I think all gluten is lectins, but not all lectins are gluten, so maybe some tomatoes and catsup will be okay.

Gut-brain axis: Review on the association between Parkinson’s disease and plant lectins 2022 ncbi.nlm.nih.gov/pmc/articl...

ABSTRACT: Gastrointestinal (GI) involvement in the pathogenesis of Parkinson’s Disease (PD) has been widely recognized and supported in recent literature. Prospective and retrospective studies found non-motor symptoms within the GI, specifically constipation, precede cardinal signs and cognitive decline by almost 20 years. In 2002, Braak et al. were the first to propose that PD is a six-stage propagating neuropathological process originating from the GI tract (GIT). Aggregated α-synuclein (α-syn) protein from the GIT is pathognomonic for the development of PD. This article reviews the current literature from the past 10 years as well as original research found in PubMed on the combined effects of enteric glial cells and lectins on the development of Parkinson’s Disease. Studies have found that these aggregated and phosphorylated proteins gain access to the brain via retrograde transport through fast and slow fibers of intestinal neurons. Plant lectins, commonly found within plant-based diets, have been found to induce Leaky Gut Syndrome and can activate enteric glial cells, causing the release of pro-inflammatory cytokines. Oxidative stress on the enteric neurons, caused by a chronic neuro-inflammatory state, can cause a-syn aggregation and lead to Lewy Body formation, a hallmark finding in PD. Although the current literature provides a connection between the consumption of plant lectins and the pathophysiology of PD, further research is required to evaluate confounding variables such as food antigen mimicry and other harmful substances found in our diets.

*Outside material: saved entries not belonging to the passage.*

(* Let $(X,\mathcal{E})$ be a ballean and $Y\subseteq X$ an unbounded subset. If $(X,\mathcal{E})$ is maximal (respectively, extremely normal, ultranormal), then the subballean $(Y,\mathcal{E}_Y)$ is maximal (respectively, extremely normal, ultranormal).
   Context: A ballean $(X,\mathcal{E})$ is a set with a coarse structure. $E[x]=\{y:(x,y)\in E\}$, $E[A]=\bigcup_{a\in A}E[a]$. $Y$ is bounded if $Y\subseteq E[x]$ for some $x$ and $E\in\mathcal{E}$. The subballean on $Y$ has coarse structure $\mathcal{E}_Y=\{E\cap(Y\times Y):E\in\mathcal{E}\}$. $A$ is large if $X=E[A]$ for some $E$. Subsets $A,B$ are asymptotically disjoint if $E[A]\cap E[B]$ is bounded for every $E$. An unbounded ballean is maximal if $X$ is bounded in every coarse structure strictly containing $\mathcal{E}$; extremely normal if every unbounded subset is large; ultranormal if no two unbounded subsets are asymptotically disjoint. *)

Set Implicit Arguments.

Definition rel (X : Type) := X -> X -> Prop.

(* A coarse structure on X: a family of entourages (relations on X) that
   contains the diagonal, is closed under subsets, finite unions, inverses
   and composition, and (Protasov's standing convention) is connected. *)
Record is_coarse (X : Type) (E : rel X -> Prop) : Prop := {
  cs_diag : E (fun x y => x = y);
  cs_sub : forall F G : rel X, E F -> (forall x y, G x y -> F x y) -> E G;
  cs_union : forall F G : rel X, E F -> E G -> E (fun x y => F x y \/ G x y);
  cs_inv : forall F : rel X, E F -> E (fun x y => F y x);
  cs_comp : forall F G : rel X, E F -> E G ->
              E (fun x z => exists y, F x y /\ G y z);
  cs_conn : forall x y : X, exists F, E F /\ F x y
}.

Definition image (X : Type) (F : rel X) (A : X -> Prop) : X -> Prop :=
  fun z => exists a, A a /\ F a z.

Definition bounded (X : Type) (E : rel X -> Prop) (A : X -> Prop) : Prop :=
  exists (x : X) (F : rel X), E F /\ forall y, A y -> F x y.

Definition unbounded_ballean (X : Type) (E : rel X -> Prop) : Prop :=
  ~ bounded E (fun _ => True).

Definition large (X : Type) (E : rel X -> Prop) (A : X -> Prop) : Prop :=
  exists F, E F /\ forall x, image F A x.

Definition asymp_disjoint (X : Type) (E : rel X -> Prop) (A B : X -> Prop) : Prop :=
  forall F, E F -> bounded E (fun z => image F A z /\ image F B z).

Definition maximal (X : Type) (E : rel X -> Prop) : Prop :=
  unbounded_ballean E /\
  forall E' : rel X -> Prop, is_coarse E' ->
    (forall F, E F -> E' F) -> (exists F, E' F /\ ~ E F) ->
    bounded E' (fun _ => True).

Definition extremely_normal (X : Type) (E : rel X -> Prop) : Prop :=
  unbounded_ballean E /\ forall A, ~ bounded E A -> large E A.

Definition ultranormal (X : Type) (E : rel X -> Prop) : Prop :=
  unbounded_ballean E /\
  forall A B, ~ bounded E A -> ~ bounded E B -> ~ asymp_disjoint E A B.

Definition subcoarse (X : Type) (E : rel X -> Prop) (Y : X -> Prop)
  : rel {x : X | Y x} -> Prop :=
  fun F => exists G, E G /\
    forall a b : {x : X | Y x}, F a b <-> G (proj1_sig a) (proj1_sig b).

From Stdlib Require Import ProofIrrelevance Classical.
Set Implicit Arguments.

(* 1. Boundedness is insensitive to the passage X <-> Y: A is bounded in the
      subballean iff its lift is bounded in X (for Y nonempty).  Hence the
      subballean on an unbounded Y is unbounded.
   2. Extreme normality: an unbounded A ⊆ Y lifts to an unbounded set, which
      is large in X, and restricting the witnessing entourage shows A large.
   3. Ultranormality: asymptotically disjoint A, B in Y lift to
      asymptotically disjoint sets of X (using the entourage F∘F⁻¹).
   4. Maximality: a coarse structure E' on Y strictly larger than E_Y
      generates the coarse structure [extension E'] on X, made of relations
      contained in H ∪ H∘K∘H (H ∈ E, K ∈ E'); it strictly contains E, so X
      is bounded in it, and pulling a bound back shows Y bounded in E'. *)

Definition rcomp (T : Type) (F G : rel T) : rel T :=
  fun x z => exists y, F x y /\ G y z.

Section Subballean.

Variables (X : Type) (E : rel X -> Prop) (Y : X -> Prop).
Hypothesis hE : is_coarse E.

Definition lift_set (A : sig Y -> Prop) : X -> Prop :=
  fun x => exists a, A a /\ proj1_sig a = x.

Definition restrict (G : rel X) : rel (sig Y) :=
  fun a b => G (proj1_sig a) (proj1_sig b).

Definition push (K : rel (sig Y)) : rel X :=
  fun x y => exists a b, proj1_sig a = x /\ proj1_sig b = y /\ K a b.

Lemma sig_Y_inj (a b : sig Y) : proj1_sig a = proj1_sig b -> a = b.
Proof. apply eq_sig_hprop; intros; apply proof_irrelevance. Qed.

Lemma subcoarse_restrict (G : rel X) : E G -> subcoarse E Y (restrict G).
Proof. intros HG; exists G; split; [exact HG | tauto]. Qed.

Lemma subcoarse_empty (F : rel (sig Y)) : (sig Y -> False) -> subcoarse E Y F.
Proof.
  intros Hempty; exists (fun x y => x = y); split; [apply (cs_diag hE) |].
  intros a; destruct (Hempty a).
Qed.

Lemma bounded_lift (A : sig Y -> Prop) :
  bounded (subcoarse E Y) A -> bounded E (lift_set A).
Proof.
  intros [a0 [F [[G [HG HFG]] HA]]].
  exists (proj1_sig a0), G; split; [exact HG |].
  intros x [b [Hb <-]]; apply HFG, HA, Hb.
Qed.

(* Conversely, a bound in X centred outside Y is moved to a point y0 of Y
   by composing with an entourage joining y0 to the centre. *)
Lemma bounded_of_lift (y0 : sig Y) (A : sig Y -> Prop) :
  bounded E (lift_set A) -> bounded (subcoarse E Y) A.
Proof.
  intros [x [G [HG HA]]].
  destruct (cs_conn hE (proj1_sig y0) x) as [C [HC Cy0x]].
  exists y0, (restrict (rcomp C G)); split.
  - apply subcoarse_restrict, (cs_comp hE); assumption.
  - intros b Hb; exists x; split; [exact Cy0x |].
    apply HA; exists b; auto.
Qed.

Lemma unbounded_subballean :
  ~ bounded E Y -> unbounded_ballean (subcoarse E Y).
Proof.
  intros hY Hb; apply hY.
  destruct (bounded_lift Hb) as [x [F [HF Hx]]].
  exists x, F; split; [exact HF |].
  intros y Hy; apply Hx; exists (exist _ y Hy); auto.
Qed.

Lemma large_of_lift (A : sig Y -> Prop) :
  large E (lift_set A) -> large (subcoarse E Y) A.
Proof.
  intros [F [HF Hcov]].
  exists (restrict F); split; [apply subcoarse_restrict, HF |].
  intros b; destruct (Hcov (proj1_sig b)) as [x [[a [Ha <-]] Hab]].
  exists a; auto.
Qed.

(* Asymptotic disjointness in Y transfers to the lifts: a point z of
   F[lift A] ∩ F[lift B], say F a z, F b z, has a in H[A] ∩ H[B] for the
   symmetric entourage H = F∘F⁻¹, so z lies near the bound of H[A] ∩ H[B]. *)
Lemma asymp_disjoint_lift (A B : sig Y -> Prop) :
  asymp_disjoint (subcoarse E Y) A B ->
  asymp_disjoint E (lift_set A) (lift_set B).
Proof.
  intros Hdis F HF.
  set (H := fun x y => exists z, F x z /\ F y z).
  assert (HH : E H).
  { apply (cs_sub hE _ _ (cs_comp hE _ _ HF (cs_inv hE _ HF))); auto. }
  destruct (Hdis _ (subcoarse_restrict HH)) as [c0 [K [[G [HG HKG]] Hc]]].
  exists (proj1_sig c0), (rcomp G F); split; [apply (cs_comp hE); assumption |].
  intros z [[x [[a [Ha <-]] Faz]] [x' [[b [Hb <-]] Fbz]]].
  exists (proj1_sig a); split; [| exact Faz].
  apply HKG, Hc; split.
  - exists a; split; [exact Ha | exists z; auto].
  - exists b; split; [exact Hb | exists z; auto].
Qed.

Section Extension.

Variable E' : rel (sig Y) -> Prop.
Hypothesis hE' : is_coarse E'.
Hypothesis E'_ext : forall F, subcoarse E Y F -> E' F.

Definition detour (H : rel X) (K : rel (sig Y)) : rel X :=
  fun x y => exists a b, H x (proj1_sig a) /\ K a b /\ H (proj1_sig b) y.

(* The coarse structure on X generated by E and E'. *)
Definition extension : rel X -> Prop :=
  fun G => exists H K, E H /\ E' K /\
    forall x y, G x y -> H x y \/ detour H K x y.

Lemma extension_comp (F G : rel X) :
  extension F -> extension G -> extension (rcomp F G).
Proof.
  intros [H1 [K1 [h1 [k1 c1]]]] [H2 [K2 [h2 [k2 c2]]]].
  (* Two consecutive detours are joined by an H1∘H2-step inside Y. *)
  set (M := rcomp H1 H2).
  assert (hM : E M) by (apply (cs_comp hE); assumption).
  assert (hMY : E' (restrict M)) by (apply E'_ext, subcoarse_restrict, hM).
  exists (fun x y => H1 x y \/ H2 x y \/ M x y),
    (fun a d => K1 a d \/ K2 a d \/ rcomp K1 (rcomp (restrict M) K2) a d).
  split; [apply (cs_union hE); [| apply (cs_union hE)]; assumption |].
  split.
  { apply (cs_union hE'); [| apply (cs_union hE')]; try assumption.
    apply (cs_comp hE'); [| apply (cs_comp hE')]; assumption. }
  intros x y [w [Fxw Gwy]].
  destruct (c1 _ _ Fxw) as [p1 | [a [b [p [q r]]]]];
  destruct (c2 _ _ Gwy) as [p2 | [a' [b' [p' [q' r']]]]].
  - left; right; right; exists w; auto.
  - right; exists a', b'; split; [right; right; exists w; auto | auto].
  - right; exists a, b; split; [left; exact p |].
    split; [left; exact q | right; right; exists w; auto].
  - right; exists a, b'; split; [left; exact p |].
    split; [| right; left; exact r'].
    right; right; exists b; split; [exact q |].
    exists a'; split; [exists w; auto | exact q'].
Qed.

Lemma extension_coarse : is_coarse extension.
Proof.
  constructor.
  - exists (fun x y => x = y), (fun a b => a = b).
    split; [apply (cs_diag hE) |]; split; [apply (cs_diag hE') |]; auto.
  - intros F G [H [K [h [k c]]]] HGF; exists H, K; auto.
  - intros F G [H1 [K1 [h1 [k1 c1]]]] [H2 [K2 [h2 [k2 c2]]]].
    exists (fun x y => H1 x y \/ H2 x y), (fun a b => K1 a b \/ K2 a b).
    split; [apply (cs_union hE); assumption |].
    split; [apply (cs_union hE'); assumption |].
    intros x y [Fxy | Gxy];
      [destruct (c1 _ _ Fxy) as [p | [a [b [p [q r]]]]]
      |destruct (c2 _ _ Gxy) as [p | [a [b [p [q r]]]]]];
      [left | right; exists a, b | left | right; exists a, b]; auto.
  - intros F [H [K [h [k c]]]].
    exists (fun x y => H y x), (fun a b => K b a).
    split; [apply (cs_inv hE); assumption |].
    split; [apply (cs_inv hE'); assumption |].
    intros x y Fyx; destruct (c _ _ Fyx) as [p | [a [b [p [q r]]]]];
      [left | right; exists b, a]; auto.
  - exact extension_comp.
  - intros x y; destruct (cs_conn hE x y) as [H [HH Hxy]].
    exists H; split; [| exact Hxy].
    exists H, (fun a b => a = b).
    split; [exact HH |]; split; [apply (cs_diag hE') |]; auto.
Qed.

Lemma extension_contains (G : rel X) : E G -> extension G.
Proof.
  intros HG; exists G, (fun a b => a = b).
  split; [exact HG |]; split; [apply (cs_diag hE') |]; auto.
Qed.

Lemma extension_strict (F0 : rel (sig Y)) :
  E' F0 -> ~ subcoarse E Y F0 -> extension (push F0) /\ ~ E (push F0).
Proof.
  intros HF0 HnF0; split.
  - exists (fun x y => x = y), F0.
    split; [apply (cs_diag hE) |]; split; [exact HF0 |].
    intros x y [a [b [<- [<- Fab]]]]; right; exists a, b; auto.
  - intros Hpush; apply HnF0; exists (push F0); split; [exact Hpush |].
    intros a b; split; [intros Fab; exists a, b; auto |].
    intros [a' [b' [ea [eb Fab]]]].
    apply sig_Y_inj in ea; apply sig_Y_inj in eb; subst; exact Fab.
Qed.

Lemma bounded_of_extension (y0 : sig Y) :
  bounded extension (fun _ => True) -> bounded E' (fun _ => True).
Proof.
  intros [x0 [G [[H [K [HH [HK Hc]]]] HG]]].
  destruct (cs_conn hE (proj1_sig y0) x0) as [C [HC Cy0x0]].
  (* R moves from y0 (through x0) or from a point of Y by one H-step. *)
  set (R := restrict (fun u v => rcomp C H u v \/ H u v)).
  assert (HR : E' R).
  { apply E'_ext, subcoarse_restrict, (cs_union hE); [apply (cs_comp hE) |];
      assumption. }
  exists y0, (fun a b => R a b \/ rcomp R (rcomp K R) a b); split.
  - apply (cs_union hE'); [| apply (cs_comp hE'); [| apply (cs_comp hE')]];
      assumption.
  - intros b _; destruct (Hc _ _ (HG (proj1_sig b) I)) as [p | [a [c [p [q r]]]]].
    + left; left; exists x0; auto.
    + right; exists a; split; [left; exists x0; auto |].
      exists c; split; [exact q | right; exact r].
Qed.

End Extension.

Lemma maximal_subballean :
  ~ bounded E Y -> maximal E -> maximal (subcoarse E Y).
Proof.
  intros hY [_ Hmax]; split; [apply unbounded_subballean, hY |].
  intros E' hE' E'_ext [F0 [HF0 HnF0]].
  destruct (classic (inhabited (sig Y))) as [[y0] | Hempty].
  2: { exfalso; apply HnF0, subcoarse_empty; intros a; apply Hempty; exists; exact a. }
  destruct (extension_strict E' HF0 HnF0) as [Hpush HnE].
  apply (bounded_of_extension hE' E'_ext y0).
  apply Hmax; [apply (extension_coarse hE' E'_ext) | apply extension_contains, hE' |].
  exists (push F0); auto.
Qed.

Lemma extremely_normal_subballean :
  ~ bounded E Y -> extremely_normal E -> extremely_normal (subcoarse E Y).
Proof.
  intros hY [_ Hnormal]; split; [apply unbounded_subballean, hY |].
  intros A HA.
  destruct (classic (inhabited (sig Y))) as [[y0] | Hempty].
  - apply large_of_lift, Hnormal.
    intros Hb; apply HA, (bounded_of_lift y0 Hb).
  - exists (fun _ _ => True); split.
    + apply subcoarse_empty; intros a; apply Hempty; exists; exact a.
    + intros a; destruct Hempty; exists; exact a.
Qed.

Lemma ultranormal_subballean :
  ~ bounded E Y -> ultranormal E -> ultranormal (subcoarse E Y).
Proof.
  intros hY [_ Hultra]; split; [apply unbounded_subballean, hY |].
  intros A B HA HB Hdis.
  (* Boundedness of the (diagonal) intersection provides a point of Y. *)
  destruct (Hdis _ (subcoarse_restrict (cs_diag hE))) as [y0 _].
  apply (Hultra (lift_set A) (lift_set B)).
  - intros Hb; apply HA, (bounded_of_lift y0 Hb).
  - intros Hb; apply HB, (bounded_of_lift y0 Hb).
  - apply asymp_disjoint_lift, Hdis.
Qed.

End Subballean.

Theorem proposition4 (X : Type) (E : rel X -> Prop) (Y : X -> Prop)
  (hE : is_coarse E) (hY : ~ bounded E Y) :
  (maximal E -> maximal (subcoarse E Y)) /\
  (extremely_normal E -> extremely_normal (subcoarse E Y)) /\
  (ultranormal E -> ultranormal (subcoarse E Y)).
Proof.
  split; [| split].
  - exact (maximal_subballean hE hY).
  - exact (extremely_normal_subballean hE hY).
  - exact (ultranormal_subballean hE hY).
Qed.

CONCLUSIONS: Through EGC-induced cyclic neuroinflammation and oxidative stress, plant lectins may lead to pathological Lewy body formation in the GIT. The Lewy body can then travel retrogradely via the VN to the substantia nigra and contribute to the classic neurologic manifestations of PD. Although the current literature provides a connection between the consumption of plant lectins and the pathophysiology of PD, further research is required to evaluate confounding variables such as food antigen mimicry and other harmful substances found in our diets.